The horse they used was truly wonderful and they spent many months teaching him to be up to his neck with water. It is something unnatural for them. So, the way they did that scene is that they had a little lift under the water that slowly made the horse sink lower and lower. When the water reached the chin area, we cut the scene. That one scene took over two and a half weeks. Here is the video of the realization. It took months to train them. I'm always asked about this and the rumors aren't true.
In the film, you never see the horse's face go into the mud. And also, by having two horses, we would alternate which would be in the scene while the other relaxed. It's really meant to be a sad scene; this was a crucial part of the film. People always tell me that when that scene comes on, they have to close their eyes. I tell them that I understand, it's very sad and difficult to watch but it was crucial for the story. It's all about being drawn into the darkness, and, unfortunately, the horse doesn't make it [in the movie].
And because of that, even more so, Atreyu has to do it by himself without his friend and he does. But yes, the horses were really good, and both were fine. The horse they used was really wonderful and they spent a couple of months teaching her to be ok with being up to her neck with water.
That's something unfamiliar for them. So, the way they did that scene was that they had this little elevator under the water that slowly dropped the horse lower and lower. When it got to its chin area, we'd cut the scene. That one scene took over two and a half weeks. The real horse never really died. They were more careful with that horse than they were with me! I got hurt a hell of a lot more. The horse was definitely looked after well. I broke my back working on the movie and was in the hospital in traction for like a month before we started filming.

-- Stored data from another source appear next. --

(* The complement of a side of the bond is connected: otherwise G - F would
   have three components, each with cut F. *)
Lemma bond_complement_connected x y : y \notin component F x ->
  connected_on e (~: component F x).
Proof.
move=> yC u v uC vC.
have clC a b : del_edges e F a b -> a \in ~: component F x -> b \in ~: component F x.
  by move=> hab; rewrite !in_setC (@component_closed F x a b hab).
case: (boolP (connect (del_edges e F) u v)) => cuv.
  apply: (connect_within _ clC uC cuv).
  by move=> a b /andP[eab _] aC bC; rewrite /= eab aC bC.
have vu : v \notin component F u by rewrite inE.
rewrite !inE in uC vC.
have xu : x \notin component F u by rewrite component_sym inE.
have xv : x \notin component F v by rewrite component_sym inE.
have [a [b [eab au bu]]] := connect_exit e_sym (e_conn u x) (component_refl F u) xu.
have abF : [set a; b] \in F by rewrite -(bond_component xu) mem_delta // au bu.
exfalso; apply: (delta_three_disjoint eab (component_disjoint vu)
                   (component_disjoint xu) (component_disjoint xv)).
- by rewrite mem_delta // au bu.
- by rewrite (bond_component xv).
- by rewrite (bond_component yC).
Qed.

End OneBond.

Lemma bond_delta F : bond e F ->
  exists A, [/\ F = delta A, connected_on e A & connected_on e (~: A)].
Proof.
move=> bF; have [x [y yC]] := bond_disconnects bF.
exists (component F x); split.
- by rewrite (bond_component bF yC).
- exact: component_connected.
- exact: (bond_complement_connected bF yC).
Qed.

End Bonds.

Section PathDecompositions.
Variables (T : finType) (e : rel T).
Hypothesis e_sym : symmetric e.
Implicit Types (X Z W : {set T}) (s : seq {set T}).
Lemma maxcut_le_card_sq G : maxcut G <= #|` gV G| ^ 2.
Proof.
apply: maxcut_leq => X sXG; apply: (@leq_trans (\sum_(u <- X) \sum_(v <- gV G `\` X) 1)).
  by apply: leq_sum => u _; apply: leq_sum => v _; case: (gadj G u v).
rewrite (eq_bigr (fun _ => 1 * size (gV G `\` X))) => [|u _]; last by rewrite sum1_size mul1n.
rewrite -big_distrl /= sum1_size.
by rewrite leq_mul // fsubset_leq_card ?fsubsetDl.
Qed.

Lemma glue_equiv_sym B G G' : glue_equiv B G G' -> glue_equiv B G' G.
Proof.
case=> D GG'; exists (- D)%R => H bH okG' okG.
by rewrite (GG' H bH okG okG') -GRing.addrA GRing.subrr GRing.addr0.
Qed.

Definition names_below (G : graph) (m : nat) := forall v, v \in gV G -> v < m.

Lemma names_below_bigmax G n : names_below G ((\max_(v <- gV G) v).+1 + n).
Proof.
by move=> v vG; rewrite ltnS (leq_trans (leq_bigmax_seq (F := id) v vG isT)) ?leq_addr.
Qed.

Definition sym_graph (V : {fset nat}) (e : rel nat) := Graph V (fun u v => e u v || e v u).

Lemma wf_sym_graph V e : (forall u, ~~ e u u) ->
  (forall u v, e u v -> (u \in V) && (v \in V)) -> wf_graph (sym_graph V e).
Proof.
move=> e_irr eV; split=> [u v | u | u v] /=; first by rewrite orbC.
  by rewrite orbb e_irr.
by case/orP=> /eV; rewrite // andbC.
Qed.

Section TwoTerminals.
Variables x y : nat.
Hypothesis x_neq_y : x != y.
Let n0 := (x + y).+1.

Definition K2_rel i u v := ((u == x) || (u == y)) && (n0 <= v < n0 + i).
Definition K2 i := sym_graph (seq_fset tt (x :: y :: iota n0 i)) (K2_rel i).

(* The t-th path is x, m + t, m + k + t, y. *)
Definition theta_rel m k u v :=
  [|| (u == x) && (m <= v < m + k),
      (m <= u < m + k) && (v == u + k)
    | (m + k <= u < m + k + k) && (v == y)].
Definition theta m k := sym_graph (seq_fset tt (x :: y :: iota m (k + k))) (theta_rel m k).
(* There is an absolute constant $C$ such that for every $n$ and every matroid $M$ on ground set $[n]$ of rank $2$, $R^{lin}_{1/3}(rank_M)\le C$.
   Context: A matroid $M=([n],\mathcal I)$ has rank function $rank_M(S)=\max\{|I|: I\subseteq S, I\in\mathcal I\}$; we view it as a function on $\mathbb F_2^n$ by identifying $x$ with $\{i:x_i=1\}$. For $S\subseteq[n]$, $\chi_S(x)=\sum_{i\in S}x_i\pmod 2$. Exact randomized $\mathbb F_2$-sketch complexity: for $f\colon\mathbb F_2^n\to\mathbb R$ and $\delta\in[0,1]$, $R^{lin}_\delta(f)$ is the smallest integer $k$ such that there exists a probability distribution over $k$-tuples of subsets $\mathbf S_1,\dots,\mathbf S_k\subseteq[n]$ and a function $g\colon\mathbb F_2^k\to\mathbb R$ with $\Pr_{\mathbf S_1,\dots,\mathbf S_k}[g(\chi_{\mathbf S_1}(x),\dots,\chi_{\mathbf S_k}(x))=f(x)]\ge1-\delta$ for every $x\in\mathbb F_2^n$. *)

From Stdlib Require Import Reals.
From mathcomp Require Import all_boot.
Set Implicit Arguments. Unset Strict Implicit. Unset Printing Implicit Defensive.

Definition is_matroid (n : nat) (Ind : {set {set 'I_n}}) : Prop :=
  [/\ set0 \in Ind,
      (forall A B : {set 'I_n}, B \in Ind -> A \subset B -> A \in Ind) &
      (forall A B : {set 'I_n}, A \in Ind -> B \in Ind -> #|A| < #|B| ->
         exists2 x, x \in B :\: A & x |: A \in Ind)].

Definition mrank (n : nat) (Ind : {set {set 'I_n}}) (S : {set 'I_n}) : nat :=
  \max_(I in Ind | I \subset S) #|I|.

Definition matroid_rank (n : nat) (Ind : {set {set 'I_n}}) : nat :=
  mrank Ind setT.

(* Points of F_2^n are boolean vectors; x is identified with {i | x_i = 1}. *)
Definition vec_to_set (n : nat) (x : {ffun 'I_n -> bool}) : {set 'I_n} :=
  [set i | x i].

Definition rank_fun (n : nat) (Ind : {set {set 'I_n}}) (x : {ffun 'I_n -> bool}) : R :=
  INR (mrank Ind (vec_to_set x)).

Definition chi (n : nat) (S : {set 'I_n}) (x : {ffun 'I_n -> bool}) : bool :=
  \big[xorb/false]_(i in S) x i.

Definition sketch (n k : nat) (Ss : {ffun 'I_k -> {set 'I_n}}) (x : {ffun 'I_n -> bool})
  : {ffun 'I_k -> bool} := [ffun j => chi (Ss j) x].

Definition is_distr (n k : nat) (p : {ffun 'I_k -> {set 'I_n}} -> R) : Prop :=
  (forall Ss, Rle 0 (p Ss)) /\ \big[Rplus/R0]_Ss p Ss = R1.

Definition success_prob (n k : nat) (p : {ffun 'I_k -> {set 'I_n}} -> R)
  (g : {ffun 'I_k -> bool} -> R) (f : {ffun 'I_n -> bool} -> R) (x : {ffun 'I_n -> bool}) : R :=
  \big[Rplus/R0]_Ss
     (if Req_EM_T (g (sketch Ss x)) (f x) then p Ss else R0).

Definition sketchable (n : nat) (f : {ffun 'I_n -> bool} -> R) (delta : R) (k : nat) : Prop :=
  exists (p : {ffun 'I_k -> {set 'I_n}} -> R) (g : {ffun 'I_k -> bool} -> R),
    is_distr p /\ forall x, Rle (Rminus 1 delta) (success_prob p g f x).

Definition Rlin_is (n : nat) (f : {ffun 'I_n -> bool} -> R) (delta : R) (r : nat) : Prop :=
  sketchable f delta r /\ forall k, sketchable f delta k -> r <= k.

From Stdlib Require Import Reals Lra Classical.
From mathcomp Require Import all_boot zify.
Set Implicit Arguments. Unset Strict Implicit. Unset Printing Implicit Defensive.

(* Call two non-loops parallel when they are not independent as a pair; in
   any matroid this is an equivalence relation on the non-loops, and in a
   rank-2 matroid rank(x) is 0 if x has no non-loop, 1 if all non-loops of x
   are parallel, and 2 otherwise.  The sketch draws two random subsets p, q
   of [n] and five random subsets f_0..f_4.  Each parallel class gets the
   colour ([rep ∈ p] + 2[rep ∈ q]) ∈ {0,..,3} of a fixed representative, and
   the 20 parities are those of S_{c,j} = {non-loops of colour c in f_j}.
   The estimate is min(2, number of colours c with some S_{c,j} odd on x).
   Colours of x-free classes are never odd; a colour containing a fixed
   element a of x is missed with probability 1/32 (toggle a in the f_j);
   two distinct classes collide with probability 1/4.  Hence the error is
   at most 1/4 + 2/32 < 1/3 on every input. *)

Lemma sum_INR (I : finType) (P : pred I) (F : I -> nat) :
  \big[Rplus/R0]_(i | P i) INR (F i) = INR (\sum_(i | P i) F i).
Proof. by rewrite (big_morph INR plus_INR (erefl _)). Qed.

We had a horse that we were training to fall on me while we were working with the horses maybe a couple of weeks before shooting. After I broke my back, we didn't know if I'd be able to continue but I ended up healing up enough to be able to work. It was scary for a little while; I had a couple of injuries on this movie. I did a lot of my own stunts; it was just a very physical movie. But how many kids that are 12 or 13 can even say they experienced something like that?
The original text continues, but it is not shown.